• YOUR ASSIGNMENT: Please copy every line with the string "forall" from the entries below.

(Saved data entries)

####

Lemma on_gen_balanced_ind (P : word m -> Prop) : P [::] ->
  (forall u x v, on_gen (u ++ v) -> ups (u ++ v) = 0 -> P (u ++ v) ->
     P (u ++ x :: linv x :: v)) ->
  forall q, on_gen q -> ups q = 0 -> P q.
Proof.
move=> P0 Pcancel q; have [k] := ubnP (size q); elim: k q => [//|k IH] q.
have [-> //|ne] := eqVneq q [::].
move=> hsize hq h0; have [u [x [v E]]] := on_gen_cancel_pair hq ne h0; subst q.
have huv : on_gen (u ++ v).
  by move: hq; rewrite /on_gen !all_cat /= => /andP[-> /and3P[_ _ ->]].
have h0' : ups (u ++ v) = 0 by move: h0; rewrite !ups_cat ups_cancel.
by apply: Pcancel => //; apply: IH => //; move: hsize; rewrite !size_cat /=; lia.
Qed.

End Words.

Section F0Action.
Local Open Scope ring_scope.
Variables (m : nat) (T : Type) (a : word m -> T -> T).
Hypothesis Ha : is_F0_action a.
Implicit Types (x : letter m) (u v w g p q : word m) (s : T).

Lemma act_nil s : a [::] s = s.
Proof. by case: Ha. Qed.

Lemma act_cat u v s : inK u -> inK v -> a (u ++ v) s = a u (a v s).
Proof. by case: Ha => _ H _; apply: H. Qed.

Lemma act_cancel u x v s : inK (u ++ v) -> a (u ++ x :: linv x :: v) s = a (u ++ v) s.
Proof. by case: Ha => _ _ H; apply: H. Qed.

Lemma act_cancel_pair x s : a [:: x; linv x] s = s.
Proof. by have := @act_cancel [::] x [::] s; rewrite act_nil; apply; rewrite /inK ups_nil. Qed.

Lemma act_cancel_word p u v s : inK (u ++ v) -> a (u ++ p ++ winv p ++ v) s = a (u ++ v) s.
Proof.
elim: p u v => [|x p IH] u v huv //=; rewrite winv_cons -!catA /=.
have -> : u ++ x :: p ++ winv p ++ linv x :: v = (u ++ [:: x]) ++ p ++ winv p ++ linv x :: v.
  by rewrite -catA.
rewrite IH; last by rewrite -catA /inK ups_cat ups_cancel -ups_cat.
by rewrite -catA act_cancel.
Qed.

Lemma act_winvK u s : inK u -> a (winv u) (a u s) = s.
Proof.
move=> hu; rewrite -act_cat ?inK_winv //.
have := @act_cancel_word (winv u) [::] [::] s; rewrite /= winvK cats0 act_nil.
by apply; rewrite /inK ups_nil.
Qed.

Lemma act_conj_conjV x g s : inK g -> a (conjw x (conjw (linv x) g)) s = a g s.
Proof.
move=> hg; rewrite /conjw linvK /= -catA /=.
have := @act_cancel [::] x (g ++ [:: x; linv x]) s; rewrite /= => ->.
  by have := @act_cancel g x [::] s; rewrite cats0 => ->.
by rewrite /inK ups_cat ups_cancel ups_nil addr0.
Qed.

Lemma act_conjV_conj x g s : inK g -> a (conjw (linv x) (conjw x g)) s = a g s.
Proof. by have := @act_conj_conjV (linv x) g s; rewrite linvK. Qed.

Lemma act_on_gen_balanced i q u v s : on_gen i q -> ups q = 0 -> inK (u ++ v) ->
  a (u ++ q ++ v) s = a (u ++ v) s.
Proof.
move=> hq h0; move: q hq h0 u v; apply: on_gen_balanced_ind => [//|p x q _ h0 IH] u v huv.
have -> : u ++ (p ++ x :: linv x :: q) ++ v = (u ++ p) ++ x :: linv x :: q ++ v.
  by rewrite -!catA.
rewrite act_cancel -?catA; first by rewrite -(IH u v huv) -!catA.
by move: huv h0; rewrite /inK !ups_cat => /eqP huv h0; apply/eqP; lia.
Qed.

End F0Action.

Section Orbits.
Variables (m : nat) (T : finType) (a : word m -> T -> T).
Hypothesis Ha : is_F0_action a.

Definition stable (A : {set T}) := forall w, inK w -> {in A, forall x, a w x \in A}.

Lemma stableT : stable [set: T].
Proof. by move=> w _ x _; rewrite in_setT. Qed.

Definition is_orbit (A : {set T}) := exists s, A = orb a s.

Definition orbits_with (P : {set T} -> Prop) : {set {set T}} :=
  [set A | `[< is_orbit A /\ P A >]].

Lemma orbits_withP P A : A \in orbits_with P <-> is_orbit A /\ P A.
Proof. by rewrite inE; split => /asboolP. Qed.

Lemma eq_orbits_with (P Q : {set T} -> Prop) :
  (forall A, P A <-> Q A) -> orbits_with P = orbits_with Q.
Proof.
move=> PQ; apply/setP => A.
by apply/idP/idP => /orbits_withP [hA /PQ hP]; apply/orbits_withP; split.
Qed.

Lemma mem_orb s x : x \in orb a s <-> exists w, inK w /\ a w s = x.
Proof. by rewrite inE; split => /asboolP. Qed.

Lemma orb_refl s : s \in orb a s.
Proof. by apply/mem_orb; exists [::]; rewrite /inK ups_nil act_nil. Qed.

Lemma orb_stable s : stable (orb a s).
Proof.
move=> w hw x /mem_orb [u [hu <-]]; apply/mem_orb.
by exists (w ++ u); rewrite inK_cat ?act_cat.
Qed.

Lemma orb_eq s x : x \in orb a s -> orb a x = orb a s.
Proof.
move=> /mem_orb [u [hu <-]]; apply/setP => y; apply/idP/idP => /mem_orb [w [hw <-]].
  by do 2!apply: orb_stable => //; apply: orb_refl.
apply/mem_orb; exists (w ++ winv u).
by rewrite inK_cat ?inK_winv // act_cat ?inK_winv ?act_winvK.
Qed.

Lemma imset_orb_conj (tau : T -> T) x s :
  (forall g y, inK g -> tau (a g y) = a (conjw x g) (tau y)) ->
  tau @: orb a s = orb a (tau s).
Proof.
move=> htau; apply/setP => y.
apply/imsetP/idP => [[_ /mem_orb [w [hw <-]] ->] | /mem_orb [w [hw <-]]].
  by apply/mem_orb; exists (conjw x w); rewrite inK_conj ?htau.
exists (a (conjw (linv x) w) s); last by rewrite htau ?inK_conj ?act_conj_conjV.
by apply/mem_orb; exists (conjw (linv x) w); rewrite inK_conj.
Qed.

####

• ANSWER SPACE:
  (forall u x v, on_gen (u ++ v) -> ups (u ++ v) = 0 -> P (u ++ v) ->
  forall q, on_gen q -> ups q = 0 -> P q.
Definition stable (A : {set T}) := forall w, inK w -> {in A, forall x, a w x \in A}.
  (forall A, P A <-> Q A) -> orbits_with P = orbits_with Q.
  (forall g y, inK g -> tau (a g y) = a (conjw x g) (tau y)) ->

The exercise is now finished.